Wednesday, October 7, 2009

NYRB Challenge #5: Cesare Pavese. . .

Over to Italy now. My next author choice came about because I've been slowly working my way through the films of the great Italian director Michangelo Antonioni. I was watching a DVD of 1955's Le Amiche (The Girlfriends) and the credits announced it was based on a novel by Cesare Pavese. I hit the pause button and immediately went to my shelves as I knew NYRB published him. Sure enough, the short novel that was the inspiration for the film is part of The Selected Works of Cesare Pavese, under the title Among Women Only. I love the cover of this collection - it could almost have been a still from the movie. Both versions of the story are great. It follows a woman who comes to Turin from Rome to oversee the setting up of a new fashion boutique shop and gets caught up in the lives of a group of rich but bored and shallow women. In the novel, the main character has more bite and worldly cynicism than her movie counterpart, but the ending of the film is terrific and all Antonioni. But unfortunately this NYRB edition does not have Canadian rights (although you can read Among Women Only in other editions). So it didn't count for this challenge.

So my NYRB Challenge Book #5 is another Pavese work that is available in Canada - his novel The Moon and the Bonfires, translated by R.W. Flint. It was published in 1950, just before the author committed suicide. The narrator, known only by his nickname "Eel", has returned to the small Italian town he grew up in. He has been away in America for many years - including those of the Second World War - making his fortune and trying to put his past behind him. (Incidentally, Pavese worked as a translator on many American classics by Melville, Gertrude Stein and Faulkner). Eel grew up in poverty, never knowing his parents and reliant on a family who takes him in for the few lire that the orphanage pays each month. He feels the stigma of his illegitimacy all his life. Later he goes to work on the Mora estate, a nearby vineyard, where he spies on the three daughters of his master as, desperate to leave their farm, they chase the attentions of any available bachelor - with tragic results (unhappiness and hopelessness seem positively glued to Pavese's female characters despite their defiant posturing). While wandering the familiar landscape of his past, and reconnecting with an old friend, Eel becomes interested in the family now eeking out a living on the poor parcel of land where he grew up, and also in finding out how the youngest Mora daughter died during the war.

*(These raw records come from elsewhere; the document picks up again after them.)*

(* (ii) Hom-Filippov-Jacobi identity.  The (n-1) elements x_1..x_{n-1} are
   the entries of x at indices < n-1 (the last entry of x is ignored). *)
Definition hom_jacobi (hom : G -> V -> Prop) (eps : G -> G -> K)
    (br : {ffun 'I_n -> V} -> V) (alpha : V -> V) : Prop :=
  forall (a b : 'I_n -> G) (x y : {ffun 'I_n -> V}),
    (forall j : 'I_n, (val j < n.-1)%N -> hom (a j) (x j)) ->
    (forall k, hom (b k) (y k)) ->
    br [ffun j => if val j == n.-1 then br y else alpha (x j)] =
    \sum_(i < n)
      eps (\sum_(j < n | (val j < n.-1)%N) a j) (\sum_(k < n | (val k < val i)%N) b k) *:
      br [ffun k => if k == i then
                      br [ffun j => if val j == n.-1 then y i else x j]
                    else alpha (y k)].

Definition nHomLieColor (hom : G -> V -> Prop) (br : {ffun 'I_n -> V} -> V)
    (eps : G -> G -> K) (alpha : {linear V -> V}) : Prop :=
  [/\ graded_space hom, multilinear br, bracket_deg0 hom br, bicharacter eps &
      [/\ deg0 hom alpha, color_skew hom eps br & hom_jacobi hom eps br alpha]].

Definition applyN (N : V -> V) (S : {set 'I_n}) (x : {ffun 'I_n -> V}) :
    {ffun 'I_n -> V} := [ffun k => if k \in S then N (x k) else x k].

Fixpoint nbr (br : {ffun 'I_n -> V} -> V) (N : V -> V) (j : nat)
    (x : {ffun 'I_n -> V}) : V :=
  match j with
  | 0 => br x
  | j'.+1 => \sum_(S : {set 'I_n} | #|S| == j'.+1) br (applyN N S x)
             - N (nbr br N j' x)
  end.

Definition nijenhuis (hom : G -> V -> Prop) (br : {ffun 'I_n -> V} -> V)
    (alpha : V -> V) (N : {linear V -> V}) : Prop :=
  [/\ deg0 hom N, (forall v, N (alpha v) = alpha (N v)) &
      forall x : {ffun 'I_n -> V},
        br [ffun k => N (x k)] = N (nbr br N n.-1 x)].

Definition almost_product (hom : G -> V -> Prop) (P : {linear V -> V}) : Prop :=
  [/\ deg0 hom P, ~ (forall v, P v = v), ~ (forall v, P v = - v) &
      forall v, P (P v) = v].

Definition product_structure (hom : G -> V -> Prop) (br : {ffun 'I_n -> V} -> V)
    (alpha : V -> V) (P : {linear V -> V}) : Prop :=
  almost_product hom P /\ nijenhuis hom br alpha P.

Definition centroid (hom : G -> V -> Prop) (br : {ffun 'I_n -> V} -> V)
    (alpha : V -> V) (T : {linear V -> V}) : Prop :=
  [/\ deg0 hom T, (forall v, T (alpha v) = alpha (T v)) &
      forall (x : {ffun 'I_n -> V}) (i0 : 'I_n), val i0 = 0%N ->
        T (br x) = br (upd x i0 (T (x i0)))].

Definition strict_product (hom : G -> V -> Prop) (br : {ffun 'I_n -> V} -> V)
    (alpha : V -> V) (P : {linear V -> V}) : Prop :=
  almost_product hom P /\ centroid hom br alpha P.

End HomLieColor.

(* A strict product structure P commutes with the bracket in its first
   argument; colour skew-symmetry moves it to any argument of a homogeneous
   tuple, and multiadditivity plus the grading extends this to all tuples.
   Hence applying P to j arguments gives P^j [x], so the deformed brackets
   are [x]^j_P = C(n-1, j) P^j [x], and the Nijenhuis identity reduces to
   P^n [x] = P^n [x].  For a tuple with x_1 in g_+ and x_n in g_-, moving P
   onto x_1 or onto x_n gives P [x] = [x] = - [x], so [x] = 0 in
   characteristic zero. *)
From HB Require Import structures.
From mathcomp Require Import all_boot all_order all_algebra.
From mathcomp Require Import zify.
Import Order.TTheory GRing.Theory Num.Theory.
Local Open Scope ring_scope.

Section Update.
Context {K : fieldType} {V : lmodType K} {n : nat}.
Implicit Types (x : {ffun 'I_n -> V}) (i j : 'I_n) (u v : V).

Lemma updE x i v j : upd x i v j = if j == i then v else x j.
Proof. by rewrite ffunE. Qed.

Lemma upd_id x i : upd x i (x i) = x.
Proof. by apply/ffunP => j; rewrite updE; case: eqP => // ->. Qed.

Lemma upd_upd x i u v : upd (upd x i u) i v = upd x i v.
Proof. by apply/ffunP => j; rewrite !updE; case: eqP. Qed.

Lemma upd_comm x i j u v : i != j ->
  upd (upd x i u) j v = upd (upd x j v) i u.
Proof.
move=> neq_ij; apply/ffunP => k; rewrite !updE.
by case: (eqVneq k j) => [->|//]; rewrite eq_sym (negbTE neq_ij).
Qed.

End Update.

Definition multiadditive {K : fieldType} {V : lmodType K} {n : nat}
    (F : {ffun 'I_n -> V} -> V) : Prop :=
  forall x i u v, F (upd x i (u + v)) = F (upd x i u) + F (upd x i v).

Section Multiadditive.
Context {K : fieldType} {G : zmodType} {V : lmodType K} {n : nat}.
Context {F : {ffun 'I_n -> V} -> V}.
Hypothesis F_add : multiadditive F.
Implicit Types (x : {ffun 'I_n -> V}) (i : 'I_n).

Lemma multiadditive_upd0 x i : F (upd x i 0) = 0.
Proof.
have := F_add x i 0 0; rewrite addr0 => F0.
by apply: (@addrI _ (F (upd x i 0))); rewrite addr0 -F0.
Qed.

This is a heartbreaking novel very much about wanting the unattainable yet never truly being able to escape from your past. Eel may have made money in America, but he's restlessly wandered that country for years, never content. The repetitive human cycles of inevitable despair mirror, and are very much embued with, the changing seasons - the promise of sown crops and the disappointment when harvests are poor. The title refers to the folk superstitions practised in hopes of cultivating the land, now sneeringly dismissed by the older, wealthy Eel. His wise friend quietly corrects him:

[he] told me that superstition is only what does harm, and if someone should use the moon and the bonfires to rob the peasants and keep them in the dark, then that man would be an ignoramus and ought to be shot in the piazza. But before I spoke I should become a peasant again. An old man like Valino might know nothing else, but he did know the land.
One small quibble that I have with the NYRB edition is the introduction by Mark Rudman which has plenty of interesting background information on the author but contains far too many plot spoilers. This novel is filled with a lot of shocking and emotional revelations. If you want to be surprised, skip the introduction until after you've finished the book. It really should have been an afterword.

2 comments:

Brian Busby said...

My thanks for the warning about the Rudman introduction. I do like the NYRB books - and have no reservation in recommending them - but many of the introductions do a disservice to readers not yet familiar with the title in hand by going into too much detail about what is to come.

Maylin said...

Yes, it's always a bit unfortunate when that happens. I feel like I want to put the book down for a month and then pick it up again when I've hopefully forgotten what I was told in the introduction. In this particular case, even the last paragraph was revealed - and it's a shocker.